* PROBLEM DESCRIPTION
In the entries below, find the line containing "Definition admissible_region (eps" and the line containing "Proof. exists 0;". Copy those two lines and everything between them exactly, and only that.

^^^^^^^^^^^^^^^^

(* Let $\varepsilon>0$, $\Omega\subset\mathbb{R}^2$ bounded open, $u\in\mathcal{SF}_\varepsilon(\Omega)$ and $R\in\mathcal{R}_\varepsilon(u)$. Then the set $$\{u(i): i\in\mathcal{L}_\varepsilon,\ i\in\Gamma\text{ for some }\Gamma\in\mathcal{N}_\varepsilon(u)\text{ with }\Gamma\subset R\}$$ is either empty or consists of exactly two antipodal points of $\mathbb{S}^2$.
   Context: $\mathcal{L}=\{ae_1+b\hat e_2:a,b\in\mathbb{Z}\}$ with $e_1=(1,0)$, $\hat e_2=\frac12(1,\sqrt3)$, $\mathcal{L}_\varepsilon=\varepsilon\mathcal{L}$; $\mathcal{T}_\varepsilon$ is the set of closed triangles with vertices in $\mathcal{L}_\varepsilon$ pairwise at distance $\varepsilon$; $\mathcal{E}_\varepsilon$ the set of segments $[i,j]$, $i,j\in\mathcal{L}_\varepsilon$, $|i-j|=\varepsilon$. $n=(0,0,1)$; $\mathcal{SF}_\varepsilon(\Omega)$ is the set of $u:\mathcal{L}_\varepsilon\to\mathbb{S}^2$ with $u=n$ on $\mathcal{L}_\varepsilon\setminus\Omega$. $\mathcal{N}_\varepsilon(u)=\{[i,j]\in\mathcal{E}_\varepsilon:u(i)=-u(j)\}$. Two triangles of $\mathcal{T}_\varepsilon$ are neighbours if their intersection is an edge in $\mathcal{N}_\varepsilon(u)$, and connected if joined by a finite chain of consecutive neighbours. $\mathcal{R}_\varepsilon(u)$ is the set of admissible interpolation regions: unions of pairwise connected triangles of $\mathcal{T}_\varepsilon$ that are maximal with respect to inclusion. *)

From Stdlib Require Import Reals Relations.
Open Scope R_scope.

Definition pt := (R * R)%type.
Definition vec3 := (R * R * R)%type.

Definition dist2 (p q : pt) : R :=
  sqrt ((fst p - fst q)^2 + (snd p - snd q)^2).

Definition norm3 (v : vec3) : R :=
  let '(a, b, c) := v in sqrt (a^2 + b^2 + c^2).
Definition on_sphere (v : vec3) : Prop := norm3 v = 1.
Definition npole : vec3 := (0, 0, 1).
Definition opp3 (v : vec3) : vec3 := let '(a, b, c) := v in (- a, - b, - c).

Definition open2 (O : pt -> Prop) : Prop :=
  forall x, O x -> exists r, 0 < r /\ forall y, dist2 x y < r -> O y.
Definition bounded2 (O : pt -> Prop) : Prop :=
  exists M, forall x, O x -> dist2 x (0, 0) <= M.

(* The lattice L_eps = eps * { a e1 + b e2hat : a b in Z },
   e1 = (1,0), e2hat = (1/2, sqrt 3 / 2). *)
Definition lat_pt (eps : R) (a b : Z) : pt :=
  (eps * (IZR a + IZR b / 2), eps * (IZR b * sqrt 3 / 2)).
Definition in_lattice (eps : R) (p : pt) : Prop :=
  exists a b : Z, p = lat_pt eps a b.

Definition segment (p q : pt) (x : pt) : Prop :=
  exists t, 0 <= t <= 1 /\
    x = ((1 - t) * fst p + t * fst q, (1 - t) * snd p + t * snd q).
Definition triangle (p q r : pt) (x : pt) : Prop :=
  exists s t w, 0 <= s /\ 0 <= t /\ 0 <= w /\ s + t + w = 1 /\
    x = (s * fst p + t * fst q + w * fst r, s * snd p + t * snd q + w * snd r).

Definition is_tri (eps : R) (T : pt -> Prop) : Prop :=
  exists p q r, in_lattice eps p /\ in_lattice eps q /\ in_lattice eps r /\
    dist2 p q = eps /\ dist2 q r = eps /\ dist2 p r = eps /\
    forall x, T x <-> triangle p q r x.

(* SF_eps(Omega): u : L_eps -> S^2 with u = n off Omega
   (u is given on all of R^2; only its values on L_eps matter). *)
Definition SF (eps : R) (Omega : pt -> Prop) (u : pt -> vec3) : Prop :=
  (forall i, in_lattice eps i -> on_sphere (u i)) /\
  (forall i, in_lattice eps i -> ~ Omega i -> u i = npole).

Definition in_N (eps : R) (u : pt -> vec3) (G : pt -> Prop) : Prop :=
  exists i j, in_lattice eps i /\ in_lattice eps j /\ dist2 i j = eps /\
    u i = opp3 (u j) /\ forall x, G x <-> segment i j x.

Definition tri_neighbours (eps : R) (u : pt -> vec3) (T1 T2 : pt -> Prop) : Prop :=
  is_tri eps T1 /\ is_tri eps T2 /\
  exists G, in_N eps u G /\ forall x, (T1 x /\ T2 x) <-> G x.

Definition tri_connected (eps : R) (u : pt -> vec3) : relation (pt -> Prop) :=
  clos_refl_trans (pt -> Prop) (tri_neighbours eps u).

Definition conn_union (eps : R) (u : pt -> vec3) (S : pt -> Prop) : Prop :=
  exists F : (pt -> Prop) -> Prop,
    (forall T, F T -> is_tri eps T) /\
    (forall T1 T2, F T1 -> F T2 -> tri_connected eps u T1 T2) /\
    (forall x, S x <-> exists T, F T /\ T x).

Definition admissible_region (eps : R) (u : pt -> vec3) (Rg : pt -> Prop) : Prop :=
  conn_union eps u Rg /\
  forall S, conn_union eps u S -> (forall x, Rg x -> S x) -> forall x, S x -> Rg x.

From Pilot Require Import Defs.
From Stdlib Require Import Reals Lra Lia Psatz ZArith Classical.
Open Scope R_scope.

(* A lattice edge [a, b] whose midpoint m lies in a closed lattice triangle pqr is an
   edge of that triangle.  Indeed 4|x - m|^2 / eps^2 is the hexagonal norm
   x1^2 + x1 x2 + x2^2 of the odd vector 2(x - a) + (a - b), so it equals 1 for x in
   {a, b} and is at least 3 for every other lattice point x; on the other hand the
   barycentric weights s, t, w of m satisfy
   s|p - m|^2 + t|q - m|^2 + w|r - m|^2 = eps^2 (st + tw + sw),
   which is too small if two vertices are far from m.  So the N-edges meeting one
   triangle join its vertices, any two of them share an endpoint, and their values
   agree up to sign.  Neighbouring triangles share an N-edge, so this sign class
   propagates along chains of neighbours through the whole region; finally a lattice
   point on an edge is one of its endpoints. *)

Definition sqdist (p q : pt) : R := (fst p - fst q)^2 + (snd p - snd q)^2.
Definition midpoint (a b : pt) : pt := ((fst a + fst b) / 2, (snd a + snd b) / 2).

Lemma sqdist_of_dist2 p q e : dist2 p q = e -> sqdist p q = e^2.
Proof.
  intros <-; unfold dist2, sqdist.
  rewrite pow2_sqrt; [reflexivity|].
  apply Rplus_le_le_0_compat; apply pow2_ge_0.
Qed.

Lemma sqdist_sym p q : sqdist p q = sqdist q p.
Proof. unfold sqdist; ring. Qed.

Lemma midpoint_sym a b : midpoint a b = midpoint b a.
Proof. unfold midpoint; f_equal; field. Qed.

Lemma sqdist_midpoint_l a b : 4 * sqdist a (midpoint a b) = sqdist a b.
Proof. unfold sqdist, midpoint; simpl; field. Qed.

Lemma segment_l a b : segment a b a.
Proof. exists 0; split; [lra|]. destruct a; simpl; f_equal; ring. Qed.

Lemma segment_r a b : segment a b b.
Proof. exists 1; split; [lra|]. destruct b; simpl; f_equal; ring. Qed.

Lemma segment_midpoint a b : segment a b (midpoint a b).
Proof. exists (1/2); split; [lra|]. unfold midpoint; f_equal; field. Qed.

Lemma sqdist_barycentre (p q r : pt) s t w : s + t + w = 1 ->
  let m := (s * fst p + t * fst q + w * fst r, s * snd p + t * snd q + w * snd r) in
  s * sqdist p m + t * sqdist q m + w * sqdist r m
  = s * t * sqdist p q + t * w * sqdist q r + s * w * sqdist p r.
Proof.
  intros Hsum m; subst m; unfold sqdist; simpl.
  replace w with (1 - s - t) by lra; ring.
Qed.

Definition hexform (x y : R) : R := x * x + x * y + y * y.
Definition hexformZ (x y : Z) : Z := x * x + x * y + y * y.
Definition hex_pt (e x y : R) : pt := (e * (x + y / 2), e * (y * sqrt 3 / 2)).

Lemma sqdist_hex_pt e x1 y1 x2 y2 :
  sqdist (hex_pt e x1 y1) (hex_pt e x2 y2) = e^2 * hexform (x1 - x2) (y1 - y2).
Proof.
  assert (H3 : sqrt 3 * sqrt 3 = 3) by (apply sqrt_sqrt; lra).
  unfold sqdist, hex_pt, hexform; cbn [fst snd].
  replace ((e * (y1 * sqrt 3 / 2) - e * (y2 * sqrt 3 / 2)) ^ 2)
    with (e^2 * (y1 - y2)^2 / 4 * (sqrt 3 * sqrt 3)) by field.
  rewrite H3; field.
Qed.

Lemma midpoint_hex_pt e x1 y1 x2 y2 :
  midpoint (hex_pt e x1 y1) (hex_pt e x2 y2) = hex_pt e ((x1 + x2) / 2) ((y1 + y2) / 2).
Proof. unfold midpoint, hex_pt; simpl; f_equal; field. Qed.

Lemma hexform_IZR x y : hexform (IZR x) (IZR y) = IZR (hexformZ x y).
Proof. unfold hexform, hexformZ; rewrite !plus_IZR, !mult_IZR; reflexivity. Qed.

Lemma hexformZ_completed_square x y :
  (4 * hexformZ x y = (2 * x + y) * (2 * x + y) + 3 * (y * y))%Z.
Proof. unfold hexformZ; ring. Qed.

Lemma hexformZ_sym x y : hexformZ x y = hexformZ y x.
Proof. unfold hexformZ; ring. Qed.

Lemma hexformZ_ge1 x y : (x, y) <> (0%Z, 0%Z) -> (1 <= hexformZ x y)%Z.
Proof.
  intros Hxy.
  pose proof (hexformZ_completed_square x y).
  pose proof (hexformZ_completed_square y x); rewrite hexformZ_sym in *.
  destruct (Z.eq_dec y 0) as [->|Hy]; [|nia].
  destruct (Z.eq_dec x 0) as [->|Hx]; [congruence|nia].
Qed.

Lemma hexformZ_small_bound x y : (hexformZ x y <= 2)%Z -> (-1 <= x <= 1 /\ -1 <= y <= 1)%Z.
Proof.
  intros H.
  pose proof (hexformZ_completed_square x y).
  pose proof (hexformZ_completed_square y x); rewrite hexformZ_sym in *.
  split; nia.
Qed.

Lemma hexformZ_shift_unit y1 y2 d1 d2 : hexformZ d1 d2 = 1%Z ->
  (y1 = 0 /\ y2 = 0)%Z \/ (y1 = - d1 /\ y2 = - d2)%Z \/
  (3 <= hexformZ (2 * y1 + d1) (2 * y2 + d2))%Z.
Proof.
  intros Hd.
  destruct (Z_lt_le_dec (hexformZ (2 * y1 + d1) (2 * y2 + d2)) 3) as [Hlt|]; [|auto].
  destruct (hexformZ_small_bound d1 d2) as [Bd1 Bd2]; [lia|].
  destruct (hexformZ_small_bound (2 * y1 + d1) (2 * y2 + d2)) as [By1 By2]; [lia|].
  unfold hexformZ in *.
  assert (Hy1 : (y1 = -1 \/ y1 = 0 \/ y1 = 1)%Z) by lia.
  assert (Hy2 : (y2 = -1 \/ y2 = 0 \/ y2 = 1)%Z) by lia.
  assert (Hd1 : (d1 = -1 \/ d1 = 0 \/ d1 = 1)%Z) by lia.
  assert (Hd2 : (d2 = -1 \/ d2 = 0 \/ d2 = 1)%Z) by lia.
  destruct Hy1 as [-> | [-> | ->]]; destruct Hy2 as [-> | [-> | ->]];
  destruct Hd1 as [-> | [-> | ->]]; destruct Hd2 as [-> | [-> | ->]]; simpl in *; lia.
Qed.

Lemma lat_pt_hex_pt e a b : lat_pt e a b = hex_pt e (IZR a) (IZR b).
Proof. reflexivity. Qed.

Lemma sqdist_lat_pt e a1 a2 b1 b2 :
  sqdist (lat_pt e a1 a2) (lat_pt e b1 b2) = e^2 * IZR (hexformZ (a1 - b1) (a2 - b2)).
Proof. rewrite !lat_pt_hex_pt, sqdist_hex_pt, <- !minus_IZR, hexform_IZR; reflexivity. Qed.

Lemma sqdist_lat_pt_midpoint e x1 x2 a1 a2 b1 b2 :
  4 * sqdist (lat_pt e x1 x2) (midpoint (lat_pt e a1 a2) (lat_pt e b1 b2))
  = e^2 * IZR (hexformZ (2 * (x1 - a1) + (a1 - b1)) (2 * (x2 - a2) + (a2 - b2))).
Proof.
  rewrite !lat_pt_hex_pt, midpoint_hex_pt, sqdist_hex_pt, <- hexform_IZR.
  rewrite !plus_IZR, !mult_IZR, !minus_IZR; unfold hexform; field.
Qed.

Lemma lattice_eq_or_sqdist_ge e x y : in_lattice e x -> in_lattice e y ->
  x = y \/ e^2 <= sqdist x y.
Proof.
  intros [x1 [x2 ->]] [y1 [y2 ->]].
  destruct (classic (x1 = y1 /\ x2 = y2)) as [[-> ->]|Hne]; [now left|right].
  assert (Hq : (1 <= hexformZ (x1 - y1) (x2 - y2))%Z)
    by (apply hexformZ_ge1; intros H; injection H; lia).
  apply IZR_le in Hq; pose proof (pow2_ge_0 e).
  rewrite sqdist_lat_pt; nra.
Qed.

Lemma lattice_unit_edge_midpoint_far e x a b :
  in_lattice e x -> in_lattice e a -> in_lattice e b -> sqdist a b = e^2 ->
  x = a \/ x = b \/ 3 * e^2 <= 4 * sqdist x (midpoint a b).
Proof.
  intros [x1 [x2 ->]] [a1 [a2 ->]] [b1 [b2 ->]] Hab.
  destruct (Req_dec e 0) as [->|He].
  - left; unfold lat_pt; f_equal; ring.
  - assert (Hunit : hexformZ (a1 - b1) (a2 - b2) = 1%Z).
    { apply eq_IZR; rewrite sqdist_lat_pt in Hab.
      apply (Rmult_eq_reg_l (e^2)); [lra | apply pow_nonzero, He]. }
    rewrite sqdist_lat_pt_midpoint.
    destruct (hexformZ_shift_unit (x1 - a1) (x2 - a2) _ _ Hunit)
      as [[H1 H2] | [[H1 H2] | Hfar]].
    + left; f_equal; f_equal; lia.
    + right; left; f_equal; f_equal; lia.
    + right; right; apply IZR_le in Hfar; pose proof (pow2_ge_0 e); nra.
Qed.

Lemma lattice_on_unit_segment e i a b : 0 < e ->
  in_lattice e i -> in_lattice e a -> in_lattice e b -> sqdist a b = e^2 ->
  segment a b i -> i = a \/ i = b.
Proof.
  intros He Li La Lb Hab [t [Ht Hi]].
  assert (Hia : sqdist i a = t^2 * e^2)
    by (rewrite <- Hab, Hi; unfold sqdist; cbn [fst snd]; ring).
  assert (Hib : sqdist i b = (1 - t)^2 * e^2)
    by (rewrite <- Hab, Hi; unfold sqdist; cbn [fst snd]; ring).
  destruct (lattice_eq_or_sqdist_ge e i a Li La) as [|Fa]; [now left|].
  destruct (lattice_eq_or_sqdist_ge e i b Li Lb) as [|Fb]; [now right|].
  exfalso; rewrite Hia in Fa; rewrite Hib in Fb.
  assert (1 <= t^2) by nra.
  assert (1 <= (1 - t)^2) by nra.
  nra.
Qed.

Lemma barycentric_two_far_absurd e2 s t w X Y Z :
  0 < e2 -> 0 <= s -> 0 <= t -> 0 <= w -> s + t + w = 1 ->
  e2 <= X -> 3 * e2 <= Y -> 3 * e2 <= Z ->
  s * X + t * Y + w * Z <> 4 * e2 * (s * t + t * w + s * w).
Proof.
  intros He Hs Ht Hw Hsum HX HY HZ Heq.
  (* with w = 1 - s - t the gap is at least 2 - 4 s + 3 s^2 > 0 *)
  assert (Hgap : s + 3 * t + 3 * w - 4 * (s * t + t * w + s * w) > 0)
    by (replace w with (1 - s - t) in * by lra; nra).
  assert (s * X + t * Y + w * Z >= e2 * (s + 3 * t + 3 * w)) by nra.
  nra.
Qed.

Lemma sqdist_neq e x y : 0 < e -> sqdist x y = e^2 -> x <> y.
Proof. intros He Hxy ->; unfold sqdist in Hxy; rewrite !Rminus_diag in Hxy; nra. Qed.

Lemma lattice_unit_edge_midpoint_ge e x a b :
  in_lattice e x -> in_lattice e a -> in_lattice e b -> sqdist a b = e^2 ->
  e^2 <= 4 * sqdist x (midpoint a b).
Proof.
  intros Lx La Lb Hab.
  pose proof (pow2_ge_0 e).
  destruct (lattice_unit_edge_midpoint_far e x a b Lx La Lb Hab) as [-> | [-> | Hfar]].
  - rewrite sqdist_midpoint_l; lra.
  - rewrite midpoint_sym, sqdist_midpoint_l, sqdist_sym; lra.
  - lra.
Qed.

^^^^^^^^^^^^^^^^

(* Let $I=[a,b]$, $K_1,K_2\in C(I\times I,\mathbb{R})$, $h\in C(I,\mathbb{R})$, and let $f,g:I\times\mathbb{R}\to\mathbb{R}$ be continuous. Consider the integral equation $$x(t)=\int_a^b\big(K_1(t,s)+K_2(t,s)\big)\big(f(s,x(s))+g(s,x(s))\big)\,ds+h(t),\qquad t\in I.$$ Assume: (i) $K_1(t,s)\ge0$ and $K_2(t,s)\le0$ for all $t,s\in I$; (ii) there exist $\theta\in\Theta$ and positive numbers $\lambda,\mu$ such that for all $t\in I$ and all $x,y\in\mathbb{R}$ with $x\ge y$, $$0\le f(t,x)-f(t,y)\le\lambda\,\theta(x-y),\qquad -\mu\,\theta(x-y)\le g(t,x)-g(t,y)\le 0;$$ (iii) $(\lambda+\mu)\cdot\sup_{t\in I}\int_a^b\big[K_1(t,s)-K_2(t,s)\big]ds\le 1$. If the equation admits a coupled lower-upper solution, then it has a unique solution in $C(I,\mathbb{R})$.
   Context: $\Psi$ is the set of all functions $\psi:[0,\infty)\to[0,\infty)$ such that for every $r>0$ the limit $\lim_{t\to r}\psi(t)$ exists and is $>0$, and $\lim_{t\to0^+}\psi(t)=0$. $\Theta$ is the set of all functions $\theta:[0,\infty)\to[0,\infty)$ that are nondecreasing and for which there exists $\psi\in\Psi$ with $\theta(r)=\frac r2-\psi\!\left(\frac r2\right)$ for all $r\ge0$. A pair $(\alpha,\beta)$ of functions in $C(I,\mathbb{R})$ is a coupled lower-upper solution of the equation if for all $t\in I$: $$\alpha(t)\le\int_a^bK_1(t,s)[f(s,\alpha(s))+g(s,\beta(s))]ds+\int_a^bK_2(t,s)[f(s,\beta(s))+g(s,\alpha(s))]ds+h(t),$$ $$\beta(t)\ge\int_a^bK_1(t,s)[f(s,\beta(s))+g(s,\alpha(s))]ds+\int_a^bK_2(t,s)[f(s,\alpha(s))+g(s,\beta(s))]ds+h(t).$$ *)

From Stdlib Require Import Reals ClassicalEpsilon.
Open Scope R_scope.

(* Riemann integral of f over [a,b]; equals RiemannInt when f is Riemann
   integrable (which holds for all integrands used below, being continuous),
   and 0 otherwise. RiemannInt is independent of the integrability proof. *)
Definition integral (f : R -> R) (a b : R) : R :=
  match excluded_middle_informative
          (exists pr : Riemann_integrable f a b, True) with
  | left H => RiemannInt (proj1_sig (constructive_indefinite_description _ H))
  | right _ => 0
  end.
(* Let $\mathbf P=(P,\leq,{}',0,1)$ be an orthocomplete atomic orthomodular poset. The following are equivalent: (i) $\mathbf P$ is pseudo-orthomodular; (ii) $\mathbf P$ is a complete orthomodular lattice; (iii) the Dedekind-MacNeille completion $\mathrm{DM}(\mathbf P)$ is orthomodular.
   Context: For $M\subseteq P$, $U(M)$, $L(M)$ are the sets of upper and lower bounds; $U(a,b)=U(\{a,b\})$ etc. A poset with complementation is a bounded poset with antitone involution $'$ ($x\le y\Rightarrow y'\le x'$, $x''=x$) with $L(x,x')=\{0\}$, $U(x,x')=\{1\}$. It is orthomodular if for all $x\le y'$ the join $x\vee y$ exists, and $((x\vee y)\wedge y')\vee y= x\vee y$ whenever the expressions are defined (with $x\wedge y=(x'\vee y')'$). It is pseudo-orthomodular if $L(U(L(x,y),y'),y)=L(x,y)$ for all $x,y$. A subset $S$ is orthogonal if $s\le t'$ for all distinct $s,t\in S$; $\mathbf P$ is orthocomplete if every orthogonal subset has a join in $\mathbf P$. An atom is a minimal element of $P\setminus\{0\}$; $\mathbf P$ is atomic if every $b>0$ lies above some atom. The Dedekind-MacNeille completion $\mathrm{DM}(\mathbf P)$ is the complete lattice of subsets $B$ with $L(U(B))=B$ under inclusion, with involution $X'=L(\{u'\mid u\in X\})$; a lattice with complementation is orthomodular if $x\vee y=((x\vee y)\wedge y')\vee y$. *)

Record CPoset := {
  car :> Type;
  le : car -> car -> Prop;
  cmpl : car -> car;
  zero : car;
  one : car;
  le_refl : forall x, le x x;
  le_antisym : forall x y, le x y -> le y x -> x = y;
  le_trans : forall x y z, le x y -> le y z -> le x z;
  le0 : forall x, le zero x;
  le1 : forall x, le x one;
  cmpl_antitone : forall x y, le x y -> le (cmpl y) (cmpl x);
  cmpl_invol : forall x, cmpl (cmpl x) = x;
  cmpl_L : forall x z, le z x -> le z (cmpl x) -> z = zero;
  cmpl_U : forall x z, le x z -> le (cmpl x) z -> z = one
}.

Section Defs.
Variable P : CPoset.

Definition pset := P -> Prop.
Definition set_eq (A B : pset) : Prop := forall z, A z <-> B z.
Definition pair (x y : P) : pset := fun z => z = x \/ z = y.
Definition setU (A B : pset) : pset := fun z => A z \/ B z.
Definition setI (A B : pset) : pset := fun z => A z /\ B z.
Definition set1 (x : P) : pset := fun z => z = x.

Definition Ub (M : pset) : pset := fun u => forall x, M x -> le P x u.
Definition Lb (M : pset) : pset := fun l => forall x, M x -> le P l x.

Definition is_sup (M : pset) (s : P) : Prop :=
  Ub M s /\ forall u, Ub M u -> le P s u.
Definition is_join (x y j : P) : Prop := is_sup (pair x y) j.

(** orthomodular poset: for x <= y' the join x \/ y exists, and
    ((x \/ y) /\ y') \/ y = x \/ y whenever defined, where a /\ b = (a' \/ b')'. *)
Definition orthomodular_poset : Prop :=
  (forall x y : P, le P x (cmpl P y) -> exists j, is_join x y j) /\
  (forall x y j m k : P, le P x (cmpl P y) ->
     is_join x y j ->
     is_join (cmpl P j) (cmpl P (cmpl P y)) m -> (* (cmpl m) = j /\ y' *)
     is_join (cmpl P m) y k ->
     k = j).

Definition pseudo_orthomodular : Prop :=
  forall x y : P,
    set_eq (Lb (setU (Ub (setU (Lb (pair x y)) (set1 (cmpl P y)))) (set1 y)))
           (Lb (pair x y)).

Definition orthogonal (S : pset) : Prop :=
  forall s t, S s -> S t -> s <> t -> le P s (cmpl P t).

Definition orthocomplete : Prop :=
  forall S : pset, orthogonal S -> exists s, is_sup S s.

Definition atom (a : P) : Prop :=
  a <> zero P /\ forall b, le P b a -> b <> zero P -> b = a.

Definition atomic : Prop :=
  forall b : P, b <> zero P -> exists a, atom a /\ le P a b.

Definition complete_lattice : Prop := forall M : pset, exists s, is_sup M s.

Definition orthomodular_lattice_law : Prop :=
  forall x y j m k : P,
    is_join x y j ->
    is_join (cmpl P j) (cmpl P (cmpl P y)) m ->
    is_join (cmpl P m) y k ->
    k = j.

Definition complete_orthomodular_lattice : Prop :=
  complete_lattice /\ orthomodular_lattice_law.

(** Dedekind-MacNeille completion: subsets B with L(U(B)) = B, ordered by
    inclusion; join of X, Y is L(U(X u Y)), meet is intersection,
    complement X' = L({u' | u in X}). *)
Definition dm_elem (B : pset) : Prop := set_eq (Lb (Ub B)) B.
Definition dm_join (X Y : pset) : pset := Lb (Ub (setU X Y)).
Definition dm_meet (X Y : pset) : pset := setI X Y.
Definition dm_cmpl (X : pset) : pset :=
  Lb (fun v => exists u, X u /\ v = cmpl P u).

^^^^^^^^^^^^^^^^

* EXERCISE SOLUTION
Definition admissible_region (eps : R) (u : pt -> vec3) (Rg : pt -> Prop) : Prop :=
  conn_union eps u Rg /\
  forall S, conn_union eps u S -> (forall x, Rg x -> S x) -> forall x, S x -> Rg x.

From Pilot Require Import Defs.
From Stdlib Require Import Reals Lra Lia Psatz ZArith Classical.
Open Scope R_scope.

(* A lattice edge [a, b] whose midpoint m lies in a closed lattice triangle pqr is an
   edge of that triangle.  Indeed 4|x - m|^2 / eps^2 is the hexagonal norm
   x1^2 + x1 x2 + x2^2 of the odd vector 2(x - a) + (a - b), so it equals 1 for x in
   {a, b} and is at least 3 for every other lattice point x; on the other hand the
   barycentric weights s, t, w of m satisfy
   s|p - m|^2 + t|q - m|^2 + w|r - m|^2 = eps^2 (st + tw + sw),
   which is too small if two vertices are far from m.  So the N-edges meeting one
   triangle join its vertices, any two of them share an endpoint, and their values
   agree up to sign.  Neighbouring triangles share an N-edge, so this sign class
   propagates along chains of neighbours through the whole region; finally a lattice
   point on an edge is one of its endpoints. *)

Definition sqdist (p q : pt) : R := (fst p - fst q)^2 + (snd p - snd q)^2.
Definition midpoint (a b : pt) : pt := ((fst a + fst b) / 2, (snd a + snd b) / 2).

Lemma sqdist_of_dist2 p q e : dist2 p q = e -> sqdist p q = e^2.
Proof.
  intros <-; unfold dist2, sqdist.
  rewrite pow2_sqrt; [reflexivity|].
  apply Rplus_le_le_0_compat; apply pow2_ge_0.
Qed.

Lemma sqdist_sym p q : sqdist p q = sqdist q p.
Proof. unfold sqdist; ring. Qed.

Lemma midpoint_sym a b : midpoint a b = midpoint b a.
Proof. unfold midpoint; f_equal; field. Qed.

Lemma sqdist_midpoint_l a b : 4 * sqdist a (midpoint a b) = sqdist a b.
Proof. unfold sqdist, midpoint; simpl; field. Qed.

Lemma segment_l a b : segment a b a.
Proof. exists 0; split; [lra|]. destruct a; simpl; f_equal; ring. Qed.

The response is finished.